Hamas’s Qatar-based chief Ismail Haniyeh on Sunday condemned the “horrific massacre” in Nuseirat and insisted that “any agreement reached must include a permanent cessation of aggression, a complete withdrawal from the strip, an exchange deal and reconstruction”.

US Secretary of State Antony Blinken will visit the Middle East from Monday for his eighth regional tour since the October 7 attack, with stops planned in Israel, Egypt, Jordan and Qatar.

Blinken on Saturday again insisted that “the only thing standing in the way of achieving this ceasefire is Hamas. It is time for them to accept the deal.”

In an interview with US broadcaster CBS, National Security Advisor Jake Sullivan said “my hope is that by the time the Israeli prime minister comes to address Congress, which will be near the end of July, that we will have in place this ceasefire and hostage deal”.

Israeli special forces swooped in to free the captives from two buildings

The bloodiest ever Gaza war broke out after the October 7 attack on southern Israel that resulted in the deaths of 1,194 people, mostly civilians, according to an AFP tally based on Israeli official figures.
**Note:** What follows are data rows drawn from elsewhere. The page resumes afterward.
(* Consider the system for scalar functions $p(z),q(z)$ \[ p'''= 3pp'+3q'+zp'+2p,\qquad q'''= 12pq'+6p'q+3p''+4zq'-2q. \] (i) This system admits the isomonodromic Lax representation ${\cal A}'={\cal B}_\zeta+[{\cal B},{\cal A}]$ (identically in the spectral parameter $\zeta$) with the $5\times5$ matrices \[ {\cal A}={\cal A}_0+\frac{1}{\zeta}{\cal A}_{-1},\qquad {\cal A}_{-1}= \begin{pmatrix} 0 & 0 & p+z & 0 & -1 \\ 0 & 0 & 0 & 0 & 0 \\ -p''+2p(p+z)+2q & 0 & p' & -2p & 0 \\ p'(p+z)-q' & 0 & 2q & -p' & 0 \\ p''(p+z)+p'+4pq-q'' & 0 & q' & 2q-p'' & 0 \end{pmatrix}, \] \[ {\cal A}_0= \begin{pmatrix} 0 & p+z-\zeta^2 & -\zeta & 0 & 0 \\ p+z-\zeta^2 & 0 & 0 & -1 & 0 \\ -2p\zeta & p' & 0 & 0 & 0 \\ -p'\zeta & 2q & 0 & 0 & 0 \\ (2q-p'')\zeta & q' & 0 & 0 & 0 \end{pmatrix},\qquad {\cal B}= \begin{pmatrix} 0 & \zeta & 1 & 0 & 0 \\ \zeta & 0 & 0 & 0 & 0 \\ 2p & 0 & 0 & 1 & 0 \\ p' & 0 & 0 & 0 & 1 \\ p''-2q & 0 & 1 & 3p+z & 0 \end{pmatrix}. \] (ii) The following quantities are first integrals of the system: \[ H_1=q''-6pq+2zq-2(p+z)p''+(p')^2-p'+2p(p+z)^2, \] \[ H_2= 2q(p''-2q)^2-2q'(p'p''-2p'q-pq')+((p')^2-4pq)(q''-p'-6pq-2zq). \]
   Context: Primes denote derivatives with respect to $z$; $\zeta$ is a spectral parameter independent of $z$. ''Admits the Lax representation'' means that the matrix equation ${\cal A}'={\cal B}_\zeta+[{\cal B},{\cal A}]$ holds by virtue of the system. *)

From Stdlib Require Import Reals.
From Coquelicot Require Import Coquelicot.
Open Scope R_scope.

(* 5x5 real matrices, indexed by 0..4 (row, column). *)
Definition mat := nat -> nat -> R.

Definition matmul (M N : mat) : mat :=
  fun i j => sum_f_R0 (fun k => M i k * N k j) 4.

Definition comm (M N : mat) : mat :=
  fun i j => matmul M N i j - matmul N M i j.

Section LaxMatrices.
Variables p q : R -> R.

Definition d1 (f : R -> R) (z : R) := Derive_n f 1 z.
Definition d2 (f : R -> R) (z : R) := Derive_n f 2 z.

Definition Am1 (z : R) : mat := fun i j =>
  let P := p z in let P1 := d1 p z in let P2 := d2 p z in
  let Q := q z in let Q1 := d1 q z in let Q2 := d2 q z in
  match i, j with
  | 0%nat, 2%nat => P + z
  | 0%nat, 4%nat => -1
  | 2%nat, 0%nat => - P2 + 2 * P * (P + z) + 2 * Q
  | 2%nat, 2%nat => P1
  | 2%nat, 3%nat => -2 * P
  | 3%nat, 0%nat => P1 * (P + z) - Q1
  | 3%nat, 2%nat => 2 * Q
  | 3%nat, 3%nat => - P1
  | 4%nat, 0%nat => P2 * (P + z) + P1 + 4 * P * Q - Q2
  | 4%nat, 2%nat => Q1
  | 4%nat, 3%nat => 2 * Q - P2
  | _, _ => 0
  end.

Definition A0 (z zeta : R) : mat := fun i j =>
  let P := p z in let P1 := d1 p z in let P2 := d2 p z in
  let Q := q z in let Q1 := d1 q z in
  match i, j with
  | 0%nat, 1%nat => P + z - zeta ^ 2
  | 0%nat, 2%nat => - zeta
  | 1%nat, 0%nat => P + z - zeta ^ 2
  | 1%nat, 3%nat => -1
  | 2%nat, 0%nat => -2 * P * zeta
  | 2%nat, 1%nat => P1
  | 3%nat, 0%nat => - P1 * zeta
  | 3%nat, 1%nat => 2 * Q
  | 4%nat, 0%nat => (2 * Q - P2) * zeta
  | 4%nat, 1%nat => Q1
  | _, _ => 0
  end.

Definition LaxA (z zeta : R) : mat := fun i j =>
  A0 z zeta i j + / zeta * Am1 z i j.

Definition LaxB (z zeta : R) : mat := fun i j =>
  let P := p z in let P1 := d1 p z in let P2 := d2 p z in
  let Q := q z in
  match i, j with
  | 0%nat, 1%nat => zeta
  | 0%nat, 2%nat => 1
  | 1%nat, 0%nat => zeta
  | 2%nat, 0%nat => 2 * P
  | 2%nat, 3%nat => 1
  | 3%nat, 0%nat => P1
  | 3%nat, 4%nat => 1
  | 4%nat, 0%nat => P2 - 2 * Q
  | 4%nat, 2%nat => 1
  | 4%nat, 3%nat => 3 * P + z
  | _, _ => 0
  end.

Definition H1 (z : R) : R :=
  let P := p z in let P1 := d1 p z in let P2 := d2 p z in
  let Q := q z in let Q2 := d2 q z in
  Q2 - 6 * P * Q + 2 * z * Q - 2 * (P + z) * P2 + P1 ^ 2 - P1
  + 2 * P * (P + z) ^ 2.

Definition H2 (z : R) : R :=
  let P := p z in let P1 := d1 p z in let P2 := d2 p z in
  let Q := q z in let Q1 := d1 q z in let Q2 := d2 q z in
  2 * Q * (P2 - 2 * Q) ^ 2 - 2 * Q1 * (P1 * P2 - 2 * P1 * Q - P * Q1)
  + (P1 ^ 2 - 4 * P * Q) * (Q2 - P1 - 6 * P * Q - 2 * z * Q).

End LaxMatrices.

Definition thrice_diff (f : R -> R) : Prop :=
  forall (n : nat) (z : R), (n <= 3)%nat -> ex_derive_n f n z.

Definition solves_system (p q : R -> R) : Prop :=
  forall z : R,
    Derive_n p 3 z = 3 * p z * Derive_n p 1 z + 3 * Derive_n q 1 z
                     + z * Derive_n p 1 z + 2 * p z /\
    Derive_n q 3 z = 12 * p z * Derive_n q 1 z + 6 * Derive_n p 1 z * q z
                     + 3 * Derive_n p 2 z + 4 * z * Derive_n q 1 z - 2 * q z.

(** Along a solution every quantity involved is a polynomial in [z], the jet
    [p, p', p'', q, q', q''] and, for the entries of [A], in [zeta] and
    [1 / zeta].  Differentiating in [z] introduces only [p'''] and [q'''],
    which the system expresses through the jet; after this substitution the
    Lax equation (where [B_zeta] is the constant matrix [E_01 + E_10]) and
    [H1' = H2' = 0] become identities between rational functions of
    independent variables. *)

From Stdlib Require Import Reals Lia.
From Coquelicot Require Import Coquelicot.
(* Imported last: Stdlib's Reals also defines a [d1]. *)
Open Scope R_scope.

Section Jet.

Variable f : R -> R.

Hypothesis f_diff : thrice_diff f.

Lemma ex_derive_d0 (z : R) : ex_derive f z.
Proof. exact (f_diff 1%nat z ltac:(lia)). Qed.

Lemma ex_derive_d1 (z : R) : ex_derive (d1 f) z.
Proof. exact (f_diff 2%nat z ltac:(lia)). Qed.

Lemma ex_derive_d2 (z : R) : ex_derive (d2 f) z.
Proof. exact (f_diff 3%nat z ltac:(lia)). Qed.

End Jet.

Lemma constant_of_is_derive_0 (f : R -> R) :
  (forall z, is_derive f z 0) -> forall z1 z2, f z1 = f z2.
Proof.
intros f'0 z1 z2.
destruct (Rtotal_order z1 z2) as [lt12 | [-> | lt21]].
- apply eq_is_derive; auto.
- reflexivity.
- symmetry; apply eq_is_derive; auto.
Qed.

Definition LaxB_zeta : mat := fun i j =>
  match i, j with
  | 0%nat, 1%nat | 1%nat, 0%nat => 1
  | _, _ => 0
  end.

Lemma Derive_LaxB_zeta (p q : R -> R) (z zeta : R) (i j : nat) :
  Derive (fun y => LaxB p q z y i j) zeta = LaxB_zeta i j.
Proof.
destruct i as [|[|[|[|[|i]]]]], j as [|[|[|[|[|j]]]]];
  cbv beta iota zeta delta [LaxB LaxB_zeta];
  first [apply Derive_const | apply Derive_id].
Qed.

Section Solution.

Variables p q : R -> R.
Hypothesis p_diff : thrice_diff p.
Hypothesis q_diff : thrice_diff q.
Hypothesis pq_sol : solves_system p q.

Lemma Derive_n_3_p (z : R) :
  Derive_n p 3 z = 3 * p z * d1 p z + 3 * d1 q z + z * d1 p z + 2 * p z.
Proof. exact (proj1 (pq_sol z)). Qed.

Lemma Derive_n_3_q (z : R) :
  Derive_n q 3 z =
  12 * p z * d1 q z + 6 * d1 p z * q z + 3 * d2 p z + 4 * z * d1 q z - 2 * q z.
Proof. exact (proj2 (pq_sol z)). Qed.

Ltac solve_ex_derive_jet :=
  repeat split;
  lazymatch goal with
  | |- ex_derive (fun x => d2 ?f x) _ => apply ex_derive_d2
  | |- ex_derive (fun x => d1 ?f x) _ => apply ex_derive_d1
  | |- ex_derive (fun x => ?f x) _ => apply ex_derive_d0
  end;
  assumption.

Ltac eliminate_jet_derivatives :=
  repeat match goal with
  | |- context [Derive (fun x => d2 ?f x) ?z] =>
      change (Derive (fun x => d2 f x) z) with (Derive_n f 3 z)
  | |- context [Derive (fun x => d1 ?f x) ?z] =>
      change (Derive (fun x => d1 f x) z) with (d2 f z)
  | |- context [Derive (fun x => ?f x) ?z] =>
      change (Derive (fun x => f x) z) with (d1 f z)
  end;
  rewrite ?Derive_n_3_p, ?Derive_n_3_q.

Lemma is_derive_H1 (z : R) : is_derive (H1 p q) z 0.
Proof.
unfold H1; auto_derive; [solve_ex_derive_jet |].
eliminate_jet_derivatives; ring.
Qed.

Lemma is_derive_H2 (z : R) : is_derive (H2 p q) z 0.
Proof.
unfold H2; auto_derive; [solve_ex_derive_jet |].
eliminate_jet_derivatives; ring.
Qed.

Lemma lax_equation (z zeta : R) : zeta <> 0 ->
  forall i j : nat, (i < 5)%nat -> (j < 5)%nat ->
    Derive (fun w => LaxA p q w zeta i j) z =
    Derive (fun y => LaxB p q z y i j) zeta
    + comm (LaxB p q z zeta) (LaxA p q z zeta) i j.
Proof.
intros zeta_neq0 i j i_lt5 j_lt5.
rewrite Derive_LaxB_zeta.
destruct i as [|[|[|[|[|i]]]]]; try lia;
destruct j as [|[|[|[|[|j]]]]]; try lia;
cbv beta iota zeta delta [LaxA A0 Am1 LaxB LaxB_zeta comm matmul sum_f_R0];
erewrite is_derive_unique by (auto_derive; first [reflexivity | solve_ex_derive_jet]);
eliminate_jet_derivatives; field; exact zeta_neq0.
Qed.

End Solution.

Theorem proposition4 (p q : R -> R) :
  thrice_diff p -> thrice_diff q -> solves_system p q ->
  (* (i) Lax representation A' = B_zeta + [B, A], identically in zeta <> 0 *)
  (forall (z zeta : R), zeta <> 0 ->
     forall i j : nat, (i < 5)%nat -> (j < 5)%nat ->
       Derive (fun w => LaxA p q w zeta i j) z =
       Derive (fun y => LaxB p q z y i j) zeta
       + comm (LaxB p q z zeta) (LaxA p q z zeta) i j)
  /\
  (* (ii) H1 and H2 are first integrals (constant along solutions) *)
  (forall z1 z2 : R, H1 p q z1 = H1 p q z2) /\
  (forall z1 z2 : R, H2 p q z1 = H2 p q z2).
Proof.
intros p_diff q_diff pq_sol.
split; [| split].
- exact (lax_equation p q p_diff q_diff pq_sol).
- exact (constant_of_is_derive_0 _ (is_derive_H1 p q p_diff q_diff pq_sol)).
- exact (constant_of_is_derive_0 _ (is_derive_H2 p q p_diff q_diff pq_sol)).
Qed.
Israel’s retaliatory military offensive has killed at least 37,084 people in Gaza, also mostly civilians, according to the territory’s health ministry.

“This horror must stop,” UN chief Antonio Guterres said on Saturday, when he detailed that 135 workers of the UN agency for Palestinians had died in the war, the world body’s highest toll in any conflict.

The war has brought widespread devastation to Gaza and displaced most of its 2.4 million inhabitants, many whom are on the brink of starvation.

Pro-Palestinian demonstrators holding a 'red line' at a rally near the White House on June 8, 2024

Aid has arrived only sporadically by truck, airdrops and sea.

The US military said a temporary pier that had suffered storm damage late last month had been rebuilt and used on Saturday to deliver about 492 tonnes of “much needed humanitarian assistance”.